I’m talking about George Floyd. You thought | was talking about Charlie Kirk? No, those are actual quotes BY Charlie Kirk about George Floyd. Outrageous that anyone would say that of the dead, right?
It’s tempting to sit down and just compile a list of all the hateful things the man said — I could spend the next few weeks documenting what a horrible little man he was. But that’s something that should have been done before he was killed, because what should have been assassinated was his reputation while he was cuddling up to racists and anti-semites and anti-gay and trans people, all that stuff journalists shied away from while he was living and building a movement. All we can do now is condemn him when it is too late.
When asked about mass shootings he said, “I think it’s worth it.
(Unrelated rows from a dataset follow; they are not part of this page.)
(* Let $A_1,\ldots,A_n$ be events in a probability space, let $X$ be the number of these events that occur, and for $1\le j\le n$ let $S_j=\sum_{1\le i_1<\cdots<i_j\le n}P(A_{i_1}\cdots A_{i_j})$. Let $r,k$ be integers with $1\le r\le k<n$. For $1\le i\le r$ and indices $1\le r_1<\cdots<r_{k+1-i}\le n$, let $$T(r_1,\ldots,r_{k+1-i})=\{(t_1,\ldots,t_i): r_{k+1-i}<t_1<\cdots<t_i\le n\},$$ and let $$M_i=\sum_{1\le r_1<\cdots<r_{k+1-i}\le n}\ \max_{(t_1,\ldots,t_i)\in T(r_1,\ldots,r_{k+1-i})}P(A_{r_1}\cdots A_{r_{k+1-i}}A_{t_1}\cdots A_{t_i}).$$ If $r+k$ is odd, then $$P(X\ge r)\ge\sum_{j=r}^{k}(-1)^{r+j}\binom{j-1}{r-1}S_j+\sum_{i=1}^{r}\binom{k-i}{r-i}M_i,$$ and if $r+k$ is even, then $$P(X\ge r)\le\sum_{j=r}^{k}(-1)^{r+j}\binom{j-1}{r-1}S_j-\sum_{i=1}^{r}\binom{k-i}{r-i}M_i.$$
   Context: Binomial convention: for integers $s,t$, $\binom{t}{s}=0$ if $\min(s,t)<0$ or $s>t$; otherwise $\binom{t}{s}=\frac{t!}{s!(t-s)!}$. $A_{i_1}\cdots A_{i_j}$ denotes the intersection of the events. A maximum over an empty set $T(\cdot)$ is taken to be $0$. *)

From HB Require Import structures.
From mathcomp Require Import all_boot all_order all_algebra.
From mathcomp Require Import all_classical all_reals all_analysis.
Set Implicit Arguments. Unset Strict Implicit. Unset Printing Implicit Defensive.
Import Order.TTheory GRing.Theory Num.Theory.
Local Open Scope classical_set_scope.
Local Open Scope ring_scope.

Definition pr d (T : measurableType d) (R : realType) (P : probability T R)
  (E : set T) : R := fine (P E).

(* intersection of the events A_i, i in I (for I = set0 this is setT) *)
Definition inter (T : Type) (n : nat) (A : 'I_n -> set T) (I : {set 'I_n}) : set T :=
  [set w | forall i, i \in I -> A i w].

Definition count_occ (T : Type) (n : nat) (A : 'I_n -> set T) (w : T) : nat :=
  #|[set i : 'I_n | `[< A i w >]]|.

Definition Ssum d (T : measurableType d) (R : realType) (P : probability T R)
  (n : nat) (A : 'I_n -> set T) (j : nat) : R :=
  \sum_(I : {set 'I_n} | #|I| == j) pr P (inter A I).

(* M_i = sum over (k+1-i)-subsets Rs of max over i-subsets Ts lying entirely
   above max Rs of P(A_Rs A_Ts); empty max = 0 *)
Definition Msum d (T : measurableType d) (R : realType) (P : probability T R)
  (n : nat) (A : 'I_n -> set T) (k i : nat) : R :=
  \sum_(Rs : {set 'I_n} | #|Rs| == (k + 1 - i)%N)
    \big[Num.max/0]_(Ts : {set 'I_n} |
        (#|Ts| == i) && [forall t in Ts, forall s in Rs, (s < t)%N])
      pr P (inter A (Rs :|: Ts)).

Definition bonf_sum d (T : measurableType d) (R : realType) (P : probability T R)
  (n : nat) (A : 'I_n -> set T) (r k : nat) : R :=
  \sum_(r <= j < k.+1) (-1) ^+ (r + j) * ('C(j.-1, r.-1))%:R * Ssum P A j.

Definition M_corr d (T : measurableType d) (R : realType) (P : probability T R)
  (n : nat) (A : 'I_n -> set T) (r k : nat) : R :=
  \sum_(1 <= i < r.+1) ('C(k - i, r - i))%:R * Msum P A k i.

From HB Require Import structures.
From mathcomp Require Import all_boot all_order all_algebra.
From mathcomp Require Import all_classical all_reals all_analysis.
From mathcomp Require Import zify ring.
Set Implicit Arguments. Unset Strict Implicit. Unset Printing Implicit Defensive.
Import Order.TTheory GRing.Theory Num.Theory.

(* Split the sample space into the atoms B_E, E a set of indices, on which
   exactly the events A_i, i in E, occur.  P(X >= r), every S_j and hence the
   Bonferroni sum are combinations of the P(B_E) whose coefficients depend only
   on m = |E|, and the Bonferroni coefficient differs from [r <= m] by
   (-1)^(r+k+1) U(r,k,m), where U(r,k,m) = sum_i C(k-i,r-i) C(m-i,k+1-i) >= 0.
   Finally M_i <= sum_E P(B_E) C(|E|-i, k+1-i): each P(A_Rs A_Ts) in the max is
   the mass of the atoms E containing Rs and Ts, and for those E every element
   of Rs has at least i larger elements in E, which leaves at most |E|-i
   candidates for the elements of Rs. *)

Section LowerPart.
Variable n : nat.
Implicit Types (E Rs Ts : {set 'I_n}) (x : 'I_n).

Definition above E x := [set y in E | x < y].

Definition lower_part i E := [set x in E | i <= #|above E x|].

Lemma ltn_card_above E x y :
  x \in E -> y \in E -> x < y -> #|above E y| < #|above E x|.
Proof.
move=> xE yE xy; apply: proper_card; rewrite properE; apply/andP; split.
  by apply/fintype.subsetP => z; rewrite !inE => /andP[-> /(ltn_trans xy)].
by apply/subsetPn; exists y; rewrite !inE ?yE ?xy ?ltnn ?andbF.
Qed.

Lemma card_above_lt_card E x : x \in E -> #|above E x| < #|E|.
Proof.
move=> xE; apply: proper_card; rewrite properE; apply/andP; split.
  by apply/fintype.subsetP => y; rewrite inE => /andP[].
by apply/subsetPn; exists x; rewrite ?inE ?ltnn ?andbF.
Qed.

Lemma card_lower_part i E : #|lower_part i E| <= #|E| - i.
Proof.
pose f x := #|above E x|.
have f_inj : {in lower_part i E &, injective f}.
  move=> x y; rewrite !inE => /andP[xE _] /andP[yE _] fxy.
  case: (ltngtP x y) => [xy|yx|/val_inj//].
  - by have := ltn_card_above xE yE xy; rewrite -/(f x) -/(f y) fxy ltnn.
  - by have := ltn_card_above yE xE yx; rewrite -/(f x) -/(f y) fxy ltnn.
rewrite cardE -(size_map f) -[#|E| - i](size_iota i); apply: uniq_leq_size.
  by rewrite map_inj_in_uniq ?enum_uniq // => x y; rewrite !mem_enum; apply: f_inj.
move=> v /mapP[x]; rewrite mem_enum inE => /andP[xE ix] ->.
by rewrite mem_iota; have := card_above_lt_card xE; rewrite /f in ix *; lia.
Qed.

Lemma sub_lower_part i E Rs Ts :
  Rs \subset E -> Ts \subset E -> #|Ts| = i ->
  [forall t in Ts, forall s in Rs, s < t] -> Rs \subset lower_part i E.
Proof.
move=> RsE TsE <- /forallP RsTs; apply/fintype.subsetP => s sRs.
rewrite inE (fintype.subsetP RsE _ sRs) /=; apply: subset_leq_card.
apply/fintype.subsetP => t tTs; rewrite inE (fintype.subsetP TsE _ tTs) /=.
by have /implyP/(_ tTs)/forallP/(_ s)/implyP := RsTs t; apply.
Qed.

End LowerPart.

Lemma bin_diag_sum r m : 0 < r ->
  'C(m, r) = (r <= m) + \sum_(1 <= i < r.+1) 'C(m - i, r + 1 - i).
Proof.
elim: r m => // -[_ m _ | r IH [|m] _].
- by rewrite big_nat1 bin1 subn1 bin1; case: m.
- rewrite bin0n big1_seq // => i; rewrite mem_index_iota sub0n bin0n.
  by case: eqP => //; lia.
rewrite big_nat_recl // binS (IH m) // subSS subn1 ltnS addnCA subn0 addn1.
congr (_ + (_ + _)); first by rewrite addn1.
by apply: eq_bigr => i _; rewrite subSS addn1 subSS.
Qed.

Definition bonf_rem r k m : nat :=
  \sum_(1 <= i < r.+1) 'C(k - i, r - i) * 'C(m - i, k + 1 - i).

Lemma bonf_remS r k m : 0 < k ->
  bonf_rem r.+1 k m = 'C(k - 1, r) * 'C(m - 1, k) + bonf_rem r (k - 1) (m - 1).
Proof.
move=> k_gt0; rewrite /bonf_rem big_nat_recl // subSS subn0 addnK.
congr (_ + _); apply: eq_bigr => i _; congr ('C(_, _) * 'C(_, _)); lia.
Qed.

Lemma binB1S m k : 0 < k -> 'C(m - 1, k) + 'C(m - 1, k.+1) = 'C(m, k.+1).
Proof.
by case: m => [|m] k_gt0; rewrite ?bin0n ?subn1 ?[in RHS]binS 1?addnC //; case: k k_gt0.
Qed.

Lemma bonf_rem_addS r k m : 0 < r -> r <= k ->
  bonf_rem r k m + bonf_rem r k.+1 m = 'C(k, r.-1) * 'C(m, k.+1).
Proof.
elim: r k m => // r IH [//|k] m _ rk.
rewrite !bonf_remS // !subSS !subn0.
case: r IH rk => [|r] IH rk.
  by rewrite /bonf_rem !big_geq // !addn0 !bin0 !mul1n binB1S.
rewrite addnACA IH // -(binB1S m (ltn0Sn k)) [in RHS]binS /=.
by rewrite !mulnDl !mulnDr; ring.
Qed.

Local Open Scope ring_scope.

Definition bonf_weight (R : pzRingType) r k m : R :=
  \sum_(r <= j < k.+1) (-1) ^+ (r + j) * ('C(j.-1, r.-1))%:R * ('C(m, j))%:R.

Lemma bonf_weightS (R : pzRingType) r k m : (r <= k.+1)%N ->
  bonf_weight R r k.+1 m =
    bonf_weight R r k m + (-1) ^+ (r + k.+1) * ('C(k, r.-1))%:R * ('C(m, k.+1))%:R.
Proof. by move=> rk; rewrite /bonf_weight big_nat_recr. Qed.

Lemma bonf_weight_rem (R : comPzRingType) r k m : (0 < r)%N -> (r <= k)%N ->
  (r <= m)%N%:R = bonf_weight R r k m + (-1) ^+ (r + k + 1) * (bonf_rem r k m)%:R :> R.
Proof.
move=> r_gt0; elim: k => [|k IH]; first by rewrite leqNgt r_gt0.
rewrite leq_eqVlt => /orP[/eqP <- | rk].
  have sign_rr : (-1) ^+ (r + r) = 1 :> R by rewrite -signr_odd addnn odd_double.
  rewrite /bonf_weight big_nat1 sign_rr exprD sign_rr expr1 binn !mul1r.
  have -> : bonf_rem r r m = \sum_(1 <= i < r.+1) 'C(m - i, r + 1 - i).
    by apply: eq_bigr => i _; rewrite binn mul1n.
  by rewrite (bin_diag_sum m r_gt0) natrD mulN1r addrK.
have rem_next : (bonf_rem r k.+1 m)%:R =
    ('C(k, r.-1) * 'C(m, k.+1))%:R - (bonf_rem r k m)%:R :> R.
  by rewrite -(bonf_rem_addS m r_gt0 rk) natrD addrC addKr.
rewrite (IH rk) bonf_weightS 1?ltnW // rem_next natrM !addn1 !addnS !exprS; ring.
Qed.

Lemma sum_if_const (R : pzSemiRingType) (X : finType) (a b : pred X) (c : R) :
  \sum_(x | a x) (if b x then c else 0) = #|[set x | b x & a x]|%:R * c.
Proof.
rewrite -big_mkcondr (eq_bigl (fun x => x \in [set x | b x & a x])).
  by rewrite sumr_const mulr_natl.
by move=> x; rewrite inE andbC.
Qed.

Section Atoms.
Local Open Scope classical_set_scope.
Context d (T : measurableType d) (R : realType) (P : probability T R) (n : nat).
Context (A : 'I_n -> set T).
Hypothesis mA : forall i, measurable (A i).

Definition occ (w : T) : {set 'I_n} := [set i | `[< A i w >]].

Definition atom (E : {set 'I_n}) : set T := [set w | occ w = E].

Lemma measurable_atom E : measurable (atom E).
Proof.
have -> : atom E = \bigcap_(i in [set: 'I_n]) (if i \in E then A i else ~` A i).
  apply/seteqP; split => [w <- i _ | w wE]; first by rewrite inE; case: asboolP.
  apply/setP => i; rewrite inE; have := wE i I.
  by case: (i \in E); case: asboolP.
apply: fin_bigcap_measurable => [|i _]; first exact: finite_finset.
by case: (i \in E); [exact: mA | exact: measurableC].
Qed.

Lemma pr_occ (Q : pred {set 'I_n}) :
  pr P [set w | Q (occ w)] = \sum_(E : {set 'I_n} | Q E) pr P (atom E).
Proof.
have -> : [set w | Q (occ w)] = \bigcup_(E in [set` Q]) atom E.
  apply/seteqP; split => [w Qw | w [E QE]]; first by exists (occ w).
  by rewrite /atom /= => ->.
rewrite /pr (measure_fin_bigcup P); first last.
- by move=> E _; exact: measurable_atom.
- by move=> E F _ _ [w [/= <- <-]].
- exact: finite_finset.
rewrite -(bigfs _ (index_enum_uniq _)) ?sum_fine // => [E _|E _].
  exact: fin_num_measure (measurable_atom E).
by rewrite mem_index_enum.
Qed.

Lemma pr_ge0 (X : set T) : 0 <= pr P X.
Proof. exact/fine_ge0/measure_ge0. Qed.

Lemma pr_inter (I : {set 'I_n}) :
  pr P (inter A I) = \sum_(E : {set 'I_n} | I \subset E) pr P (atom E).
Proof.
rewrite -pr_occ; congr (pr P _); apply/seteqP; split => w /=.
  by move=> AIw; apply/fintype.subsetP => i /AIw Aiw; rewrite inE; exact/asboolP.
by move=> /fintype.subsetP Iw i /Iw; rewrite inE => /asboolP.
Qed.

Lemma count_occE w : count_occ A w = #|occ w|.
Proof.
by apply: eq_card => i; rewrite [in RHS]inE; apply/idP/idP => [|h]; rewrite in_setE.
Qed.

Lemma pr_count_occ_ge r :
  pr P [set w | (r <= count_occ A w)%N] =
    \sum_(E : {set 'I_n}) pr P (atom E) * (r <= #|E|)%N%:R.
Proof.
under eq_set do rewrite count_occE.
rewrite (pr_occ (fun E : {set 'I_n} => r <= #|E|)%N) big_mkcond; apply: eq_bigr => E _.
by case: (r <= #|E|)%N; rewrite ?mulr1 ?mulr0.
Qed.

Lemma SsumE j : Ssum P A j = \sum_(E : {set 'I_n}) pr P (atom E) * ('C(#|E|, j))%:R.
Proof.
rewrite /Ssum; under eq_bigr do rewrite pr_inter big_mkcond.
by rewrite exchange_big; apply: eq_bigr => E _; rewrite sum_if_const cards_draws mulrC.
Qed.

Lemma bonf_sumE r k :
  bonf_sum P A r k = \sum_(E : {set 'I_n}) pr P (atom E) * bonf_weight R r k #|E|.
Proof.
rewrite /bonf_sum; under eq_bigr do rewrite SsumE mulr_sumr.
rewrite exchange_big; apply: eq_bigr => E _.
by rewrite mulr_sumr; apply: eq_bigr => j _; rewrite mulrCA mulrA.
Qed.

Lemma max_pr_inter_le i (Rs : {set 'I_n}) :
  \big[Num.max/0]_(Ts : {set 'I_n} |
      (#|Ts| == i) && [forall t in Ts, forall s in Rs, (s < t)%N])
    pr P (inter A (Rs :|: Ts))
  <= \sum_(E : {set 'I_n} | Rs \subset lower_part i E) pr P (atom E).
Proof.
apply: bigmax_le => [|Ts /andP[/eqP TsE RsTs]].
  by apply: sumr_ge0 => E _; exact: pr_ge0.
rewrite pr_inter big_mkcond [leRHS]big_mkcond; apply: ler_sum => E _.
case: ifP => [|_]; last by case: ifP => // _; exact: pr_ge0.
rewrite finset.subUset => /andP[RsE TsE'].
by rewrite (sub_lower_part RsE TsE' TsE RsTs).
Qed.

Lemma Msum_le k i :
  Msum P A k i <= \sum_(E : {set 'I_n}) pr P (atom E) * ('C(#|E| - i, k + 1 - i))%:R.
Proof.
apply: le_trans (ler_sum _ (fun Rs _ => max_pr_inter_le i Rs)) _.
under eq_bigr do rewrite big_mkcond.
rewrite exchange_big; apply: ler_sum => E _.
rewrite sum_if_const cards_draws mulrC ler_wpM2l ?pr_ge0 // ler_nat.
exact/leq_bin2l/card_lower_part.
Qed.

Lemma M_corr_le r k :
  M_corr P A r k <= \sum_(E : {set 'I_n}) pr P (atom E) * (bonf_rem r k #|E|)%:R.
Proof.
apply: le_trans (ler_sum _ (fun i _ => ler_wpM2l (ler0n _ _) (Msum_le k i))) _.
under eq_bigr do rewrite mulr_sumr.
rewrite exchange_big le_eqVlt; apply/orP; left; apply/eqP; apply: eq_bigr => E _.
rewrite /bonf_rem natr_sum mulr_sumr; apply: eq_bigr => i _.
by rewrite natrM mulrCA.
Qed.

End Atoms.

Theorem theorem4 (d : measure_display) (T : measurableType d) (R : realType)
  (P : probability T R) (n : nat) (A : 'I_n -> set T)
  (mA : forall i, measurable (A i)) (r k : nat)
  (hr : (1 <= r)%N) (hrk : (r <= k)%N) (hkn : (k < n)%N) :
  (odd (r + k) ->
    bonf_sum P A r k + M_corr P A r k <= pr P [set w | (r <= count_occ A w)%N]) /\
  (~~ odd (r + k) ->
    pr P [set w | (r <= count_occ A w)%N] <= bonf_sum P A r k - M_corr P A r k).
Proof.
(* The bound holds for every k >= r. *)
set U := \sum_(E : {set 'I_n}) pr P (atom A E) * (bonf_rem r k #|E|)%:R.
have M_corr_leU : M_corr P A r k <= U := M_corr_le P mA r k.
have pr_count_ge : pr P [set w | (r <= count_occ A w)%N] =
    bonf_sum P A r k + (-1) ^+ (r + k + 1) * U.
  rewrite pr_count_occ_ge // bonf_sumE // mulr_sumr -big_split; apply: eq_bigr => E _.
  by rewrite (bonf_weight_rem R #|E| hr hrk) mulrDr mulrCA.
rewrite pr_count_ge -signr_odd addn1 /= oddD; split => [-> | /negbTE ->].
  by rewrite expr0 mul1r lerD2l.
by rewrite expr1 mulN1r lerD2l lerN2.
Qed.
I think it’s worth it to have a cost of, unfortunately, some gun deaths every single year, so that we can have the Second Amendment.” Perhaps Kirk did not believe that his own life would be cut short by gun violence, but, like the rest of us, he has witnessed countless school shootings. When he said “some gun deaths” are acceptable, he surely knew he lived in a country where the deaths he deemed acceptable included those of children, some of whom were the age of his own. There is no inherent virtue in caring about your own children; that is the bare minimum requirement for effective parenting. Virtue lies in caring about the safety and well-being of children you don’t know.
On that front, I’m fairly sure Kirk did not care about my child. My child lives in Brooklyn, in a progressive family. His mother works and does not have a marriage where she is considered inferior to her husband or required to obey him, as Kirk arrogantly told Taylor Swift she should do after learning of her engagement. (“Reject feminism,” he said. “You’re not in charge.”) We also live in a Haitian immigrant neighborhood, and if you only listened to Charlie Kirk, you might be under the impression that my neighbors eat pets. You would also be encouraged to believe that, simply by virtue of being non-white immigrants, they were “replacing” white people—and that, since they are also Black, they are dangerous. “Happening all the time in urban America,” he said, “prowling Blacks go around for fun to go target white people, that’s a fact.”
Now is the time to talk about the evil being done by Trump and Steven Miller and JD Vance and Pete Hegseth and RFK jr (I’m beginning to see some open detestation of that foul creature) and all the billionaires backing the current political moment. I’m done with Kirk. He’s dead, good.